If employee engagement is one consideration, building out capabilities is another. “The technology is also tying in very nicely with our total predictive maintenance program,” said Cradduck. “We’re now linking this technology with our software package. Where we see that going is that if there is a lights-out error, it feeds into that software package and sends a notification to our maintenance crew. They can make those same kinds of decisions.”
Advancing beyond that, Cradduck envisions the suite of technology will generate enough information to provide a diagnostic map to the maintenance crew. “Let’s say they do have to come in after hours, they will already have a diagnostic plan when they come in. They’ve got that technology in front of them.”
Iterative Processes Have Payoffs
Most companies tend to think of lights out as going from where they are today to no lights and no people. The reality is closer to Cradduck’s experience—a journey, said Perez, who joined Cradduck as a panelist on the lights-out webinar. “For the most part, you’re going to automate what you can and adjust what can be justified now. And it’ll be an iterative process.”

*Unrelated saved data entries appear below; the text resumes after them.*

(* Let $V\simeq\mathbb{R}^d$ be a $d$-dimensional real vector space with dual $V^*$, let $\mathcal{X}\subseteq V$ span $V$, and let $\mathcal{Y}\subseteq\mathbb{R}$. Let $\mathcal{G}$ be a compact group with normalized Haar measure $\lambda$ admitting a linear representation $\rho:\mathcal{G}\to GL(V)$, acting on $\mathcal{X}$ via $\rho$, with dual representation $\rho^*_g=\rho_{g^{-1}}^{\top}$. Let $\mathcal{P}$ be a distribution on $\mathcal{X}\times\mathcal{Y}$ invariant under this action of $\mathcal{G}$, and suppose $\mathbb{E}[y\mid \mathbf{x}]=\langle\mathbf{w}^*,\mathbf{x}\rangle$ for some unique $\mathbf{w}^*$. Let $\ell(\mathbf{w})=\mathbb{E}_{(\mathbf{x},y)\sim\mathcal{P}}[(\langle\mathbf{w},\mathbf{x}\rangle-y)^2]$. Then the (global) minimizer $\mathbf{w}^*$ of $\ell$ satisfies $\rho^*_g\mathbf{w}^*=\mathbf{w}^*$ for $\lambda$-almost all $g\in\mathcal{G}$. In particular, the function $f(\mathbf{x})=\langle\mathbf{w}^*,\mathbf{x}\rangle$ is $\mathcal{G}$-invariant.
   Context: $\mathcal{P}$ invariant means $(\rho_g\mathbf{x},y)$ has the same distribution as $(\mathbf{x},y)$ for all $g\in\mathcal{G}$. A function $f$ is $\mathcal{G}$-invariant if $f(\rho_g\mathbf{x})=f(\mathbf{x})$ for all $g$ and $\mathbf{x}$. *)

From HB Require Import structures.
From mathcomp Require Import all_boot all_order all_algebra.
From mathcomp Require Import all_classical all_reals all_analysis.
Set Implicit Arguments. Unset Strict Implicit. Unset Printing Implicit Defensive.
Import Order.TTheory GRing.Theory Num.Theory.
Import numFieldNormedType.Exports.
Local Open Scope classical_set_scope.
Local Open Scope ring_scope.

Definition borel (T : topologicalType) : set (set T) := <<s [set: T], open >>.

Definition compact_group (G : topologicalType) (mul : G -> G -> G)
    (inv : G -> G) (e : G) : Prop :=
  [/\ (forall a b c, mul a (mul b c) = mul (mul a b) c),
      (forall a, mul e a = a),
      (forall a, mul (inv a) a = e),
      continuous (fun p : G * G => mul p.1 p.2) &
      continuous inv] /\
  hausdorff_space G /\ compact [set: G].

(* A (continuous) linear representation rho : G -> GL(V), V = R^d realised as
   column vectors 'cV[R]_d, rho g acting by v |-> rho g *m v. *)
Definition representation (R : realType) (d : nat) (G : topologicalType)
    (mul : G -> G -> G) (e : G) (rho : G -> 'M[R]_d) : Prop :=
  [/\ (forall g, rho g \in unitmx),
      (forall g h, rho (mul g h) = rho g *m rho h),
      rho e = 1%:M &
      continuous rho].

Definition dual_rep (R : realType) (d : nat) (G : Type) (inv : G -> G)
    (rho : G -> 'M[R]_d) (g : G) : 'M[R]_d := (rho (inv g))^T.

Definition dualpair (R : realType) (d : nat) (w x : 'cV[R]_d) : R :=
  (w^T *m x) 0 0.

Definition spans (R : realType) (d : nat) (X : set 'cV[R]_d) : Prop :=
  forall v : 'cV[R]_d, exists (n : nat) (c : 'I_n -> R) (u : 'I_n -> 'cV[R]_d),
    (forall i, X (u i)) /\ v = \sum_(i < n) c i *: u i.

(* E[y | x] = <w, x>: the random variable <w, x> (which is sigma(x)-measurable)
   is integrable and has the same integral as y on every event of sigma(x),
   i.e. on every x^{-1}(A) with A a Borel subset of V. *)
Definition cond_exp_linear (dO : measure_display) (O : measurableType dO)
    (R : realType) (P : probability O R) (d : nat)
    (x : O -> 'cV[R]_d) (y : O -> R) (w : 'cV[R]_d) : Prop :=
  P.-integrable [set: O] (fun o => (dualpair w (x o))%:E) /\
  forall A : set 'cV[R]_d, borel A ->
    (\int[P]_(o in x @^-1` A) (y o)%:E =
     \int[P]_(o in x @^-1` A) (dualpair w (x o))%:E)%E.

(* The hypothesis that (rho_g x, y) and (x, y) have the same law lets one move
   every integral of a function of (x, y) to the same integral of a function of
   (rho_g x, y).  Since <rho_g^T w, x> = <w, rho_g x>, this turns the defining
   property E[y | x] = <w*, x> into E[y | x] = <rho_g^T w*, x>, so uniqueness of
   w* forces rho_g^T w* = w* for every g, in particular for g^-1. *)
From HB Require Import structures.
From mathcomp Require Import all_boot all_order all_algebra.
From mathcomp Require Import all_classical all_reals all_analysis.
From mathcomp Require Import measurable_realfun.
Set Implicit Arguments.
Unset Strict Implicit.
Unset Printing Implicit Defensive.

Import Order.TTheory GRing.Theory Num.Theory.
Import numFieldNormedType.Exports.
Local Open Scope classical_set_scope.
Local Open Scope ring_scope.

HB.instance Definition _ (T U : ptopologicalType) := Pointed.on (T * U)%type.

Section continuous_matrix.
Variable R : numFieldType.

Lemma continuous_mx (S : topologicalType) m n (f : S -> 'M[R]_(m, n)) :
  (forall i j, continuous (fun s => f s i j)) -> continuous f.
Proof.
move=> fij_cont s.
apply/(@cvg_mx_entourageP _ m n (f @ s) _ (f s)) => A entA.
apply: filter_forall => i; apply: filter_forall => j.
have /cvg_entourageP /(_ A entA) := fij_cont i j s; rewrite near_simpl.
by apply: filterS => t /= Aft; rewrite inE.
Qed.

Lemma continuous_mulmx m n p (N : 'M[R]_(m, n)) :
  continuous (fun v : 'M[R]_(n, p) => N *m v).
Proof.
apply: continuous_mx => i j; under eq_fun do rewrite mxE.
apply: (continuous_big add_continuous) => k _ v.
apply: (@continuousM _ _ (fun=> N i k) (fun w : 'M[R]_(n, p) => w k j)).
  exact: cst_continuous.
exact: coord_continuous.
Qed.

End continuous_matrix.

Lemma continuous_fst (S U : topologicalType) : continuous (@fst S U).
Proof. by move=> p; exact: cvg_fst. Qed.

Lemma continuous_snd (S U : topologicalType) : continuous (@snd S U).
Proof. by move=> p; exact: cvg_snd. Qed.

Lemma continuous_comp_fst (S U W : topologicalType) (g : S -> W) :
  continuous g -> continuous (fun p : S * U => g p.1).
Proof.
move=> g_cont p.
by apply: continuous_comp; [exact: continuous_fst | exact: g_cont].
Qed.

Lemma dualpair_trmx (R : realType) d (M : 'M[R]_d) (w v : 'cV[R]_d) :
  dualpair (M^T *m w) v = dualpair w (M *m v).
Proof. by rewrite /dualpair trmx_mul trmxK mulmxA. Qed.

Lemma continuous_dualpair (R : realType) d (w : 'cV[R]_d) :
  continuous (dualpair w).
Proof.
move=> v; apply: (@continuous_comp _ _ _ (mulmx w^T) (fun M => M 0 0)).
  exact: continuous_mulmx.
exact: coord_continuous.
Qed.

(* Its measurable sets are, up to conversion, the [borel] sets of [S]. *)
Definition borelType (S : ptopologicalType) := g_sigma_algebraType (@open S).

Lemma continuous_borel_measurable (S U : ptopologicalType) (f : S -> U) :
  continuous f ->
  measurable_fun [set: borelType S] (f : borelType S -> borelType U).
Proof.
move=> f_cont.
apply: (@measurability _ _ _ (borelType U) _ _ (@open U) erefl) => _ [B oB <-].
by apply: sub_sigma_algebra; rewrite setTI; exact: (proj1 (continuousP f)).
Qed.

Lemma continuous_borel_measurableR (R : realType) (S : ptopologicalType)
    (f : S -> R) :
  continuous f -> measurable_fun [set: borelType S] (f : borelType S -> R).
Proof.
move=> f_cont.
refine (@measurability _ _ (borelType S) R setT f (@RGenOInfty.G R) _ _).
  exact: RGenOInfty.measurableE.
move=> _ [B [r ->] <-].
apply: sub_sigma_algebra; rewrite setTI.
by apply: (proj1 (continuousP f)) => //; exact: rray_open.
Qed.

Section equal_laws.
Local Open Scope ereal_scope.
Context d d' (O : measurableType d) (T : measurableType d') (R : realType)
  (P : {measure set O -> \bar R}) (z1 z2 : O -> T).
Hypotheses (mz1 : measurable_fun [set: O] z1) (mz2 : measurable_fun [set: O] z2)
  (law_z12 : forall C, measurable C -> P (z1 @^-1` C) = P (z2 @^-1` C)).

Lemma eq_law_ge0_integral (F : T -> \bar R) : measurable_fun [set: T] F ->
  (forall t, 0 <= F t) -> \int[P]_o F (z1 o) = \int[P]_o F (z2 o).
Proof.
move=> mF F_ge0.
have := ge0_integral_pushforward mz1 P measurableT mF (fun t _ => F_ge0 t).
have := ge0_integral_pushforward mz2 P measurableT mF (fun t _ => F_ge0 t).
rewrite !preimage_setT => <- <-.
by apply: eq_measure_integral => A mA _; exact: law_z12.
Qed.

Lemma eq_law_integral (F : T -> \bar R) : measurable_fun [set: T] F ->
  \int[P]_o F (z1 o) = \int[P]_o F (z2 o).
Proof.
move=> mF; rewrite integralE [RHS]integralE.
rewrite -[fun o => F (z1 o)]/(F \o z1) -[fun o => F (z2 o)]/(F \o z2).
rewrite (funepos_comp F z1) (funepos_comp F z2).
rewrite (funeneg_comp F z1) (funeneg_comp F z2).
congr (_ - _).
  exact: (@eq_law_ge0_integral F^\+ (measurable_funepos mF) (funepos_ge0 F)).
exact: (@eq_law_ge0_integral F^\- (measurable_funeneg mF) (funeneg_ge0 F)).
Qed.

Lemma eq_law_integrable (F : T -> \bar R) : measurable_fun [set: T] F ->
  P.-integrable [set: O] (F \o z2) -> P.-integrable [set: O] (F \o z1).
Proof.
move=> mF /integrableP[_ Fz2_fin]; apply/integrableP; split.
  exact: measurableT_comp.
rewrite (@eq_law_ge0_integral (fun t => `|F t|)) //.
exact: measurableT_comp.
Qed.

End equal_laws.

Section invariant_law.
Local Open Scope ereal_scope.
Context (R : realType) (d : nat) (dO : measure_display) (O : measurableType dO)
  (P : probability O R) (x : O -> 'cV[R]_d) (y : O -> R) (M : 'M[R]_d).
Hypotheses (M_unit : M \in unitmx)
  (mxy : forall C : set ('cV[R]_d * R), borel C ->
     measurable ((fun o => (x o, y o)) @^-1` C))
  (law_Mxy : forall C : set ('cV[R]_d * R), borel C ->
     P ((fun o => (M *m x o, y o)) @^-1` C) =
     P ((fun o => (x o, y o)) @^-1` C)).

Let V := borelType ('cV[R]_d * R)%type.
Let xy : O -> V := fun o => (x o, y o).
Let Mxy : O -> V := fun o => (M *m x o, y o).

Let measurable_xy : measurable_fun [set: O] xy.
Proof. by move=> _ C mC; rewrite setTI; exact: mxy. Qed.

Let measurable_Mxy : measurable_fun [set: O] Mxy.
Proof.
have M1_cont : continuous (fun p : 'cV[R]_d * R => (M *m p.1, p.2)).
  move=> p; apply: (@cvg_pair _ _ _ (nbhs p) (nbhs (M *m p.1)) (nbhs p.2)).
    exact: continuous_comp_fst (continuous_mulmx (N := M)) p.
  exact: continuous_snd.
exact: (measurableT_comp (continuous_borel_measurable M1_cont) measurable_xy).
Qed.

Lemma integral_invariant_law (S : set 'cV[R]_d) (f : V -> \bar R) :
  borel S -> measurable_fun [set: V] f ->
  \int[P]_(o in (fun o => M *m x o) @^-1` S) f (M *m x o, y o) =
  \int[P]_(o in x @^-1` S) f (x o, y o).
Proof.
move=> bS mf; rewrite [LHS]integral_mkcond [RHS]integral_mkcond.
have mS1 : measurable [set p : V | S p.1].
  have := continuous_borel_measurable (@continuous_fst 'cV[R]_d R).
  by move=> /(_ measurableT S bS); rewrite setTI.
have mfS1 := (measurable_restrictT f mS1).1 (measurable_funTS mf).
exact: (eq_law_integral measurable_Mxy measurable_xy law_Mxy mfS1).
Qed.

Lemma cond_exp_linear_trmx (w : 'cV[R]_d) :
  cond_exp_linear P x y w -> cond_exp_linear P x y (M^T *m w).
Proof.
move=> [w_int w_cond].
have measurable_snd : measurable_fun [set: V] (fun p => (p.2)%:E).
  apply/measurable_EFinP.
  exact: (continuous_borel_measurableR (@continuous_snd 'cV[R]_d R)).
have measurable_pair_w : measurable_fun [set: V] (fun p => (dualpair w p.1)%:E).
  apply/measurable_EFinP.
  apply: continuous_borel_measurableR.
  exact: (continuous_comp_fst (U := R) (continuous_dualpair (w := w))).
split.
  have -> : (fun o => (dualpair (M^T *m w) (x o))%:E) =
            (fun p => (dualpair w p.1)%:E) \o Mxy.
    by apply/funext => o; rewrite /= dualpair_trmx.
  exact: (eq_law_integrable measurable_Mxy measurable_xy law_Mxy
    measurable_pair_w).
move=> A bA.
pose B := [set v | A (invmx M *m v)].
have bB : borel B.
  have /continuous_borel_measurable := continuous_mulmx (p := 1) (N := invmx M).
  by move=> /(_ measurableT A bA); rewrite setTI.
have -> : x @^-1` A = (fun o => M *m x o) @^-1` B.
  by apply/funext => o; rewrite /B /preimage /= mulKmx.
rewrite (integral_invariant_law bB measurable_snd) w_cond //.
rewrite -(integral_invariant_law bB measurable_pair_w).
by apply: eq_integral => o _; rewrite dualpair_trmx.
Qed.

End invariant_law.

Theorem proposition3p3
  (R : realType) (d : nat)
  (X : set 'cV[R]_d) (Y : set R)
  (G : topologicalType) (mul : G -> G -> G) (inv : G -> G) (e : G)
  (rho : G -> 'M[R]_d)
  (dO : measure_display) (O : measurableType dO) (P : probability O R)
  (x : O -> 'cV[R]_d) (y : O -> R) (wstar : 'cV[R]_d) :
  spans X ->
  compact_group mul inv e ->
  representation mul e rho ->
  (forall g v, X v -> X (rho g *m v)) ->
  (* (x, y) is a random element of X x Y with joint law the distribution P *)
  (forall o, X (x o) /\ Y (y o)) ->
  (forall C : set ('cV[R]_d * R), borel C ->
     measurable ((fun o => (x o, y o)) @^-1` C)) ->
  (forall A : set 'cV[R]_d, borel A -> measurable (x @^-1` A)) ->
  measurable_fun [set: O] y ->
  P.-integrable [set: O] (fun o => (y o)%:E) ->
  (* invariance of the distribution: (rho_g x, y) has the same law as (x, y) *)
  (forall (g : G) (C : set ('cV[R]_d * R)), borel C ->
     P ((fun o => (rho g *m x o, y o)) @^-1` C) =
     P ((fun o => (x o, y o)) @^-1` C)) ->
  (* E[y | x] = <wstar, x>, with wstar unique *)
  cond_exp_linear P x y wstar ->
  (forall w, cond_exp_linear P x y w -> w = wstar) ->
  (forall g : G, dual_rep inv rho g *m wstar = wstar) /\
  (forall (g : G) (v : 'cV[R]_d), dualpair wstar (rho g *m v) = dualpair wstar v).
Proof.
move=> _ _ [rho_unit _ _ _] _ _ mxy _ _ _ law_rho wstar_cond wstar_uniq.
have rhoT_wstar g : (rho g)^T *m wstar = wstar.
  by apply/wstar_uniq/(cond_exp_linear_trmx (rho_unit g) mxy (law_rho g)).
split => [g | g v]; first exact: rhoT_wstar.
by rewrite -[in RHS](rhoT_wstar g) dualpair_trmx.
Qed.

A logical next step would be to consider technologies that were not available off the shelf years ago but can now be installed to provide feedback from machines, and can re-adjust or calibrate automatically based on the current operation. For instance, sensor technologies can be used to inspect whether enough material was taken off during machining of a part, Perez said.
Festo, Fabco-Air's parent company, is aggressively moving to lean, synchronous manufacturing in all of its facilities, according to Cradduck. “And as we do that, we’ll probably start to implement more and more cobots, especially in assembly operations where we’re doing ‘hand-offs.’ It continues to drive efficiency.”
A general trend Perez has noticed with lights-out technology is that companies are developing off-the-shelf, standard solutions over time. The next iteration of Fabco-Air’s journey, he estimated, may require some customization. “To be able to say, ‘This went wrong. I need to show this maintenance diagram. But I need to take [a different] maintenance diagram and turn it into software code to automatically tell the machine to do something,’ hasn’t been done yet,” Perez pointed out.
But among the new technologies available today, it is reasonable to expect the industry to launch such solutions in the coming years, said Perez. “Could we implement that? Yes. Would it take money and time and coders today? Yes. But it could be part of the journey, and maybe Fabco-Air will be the trailblazer.”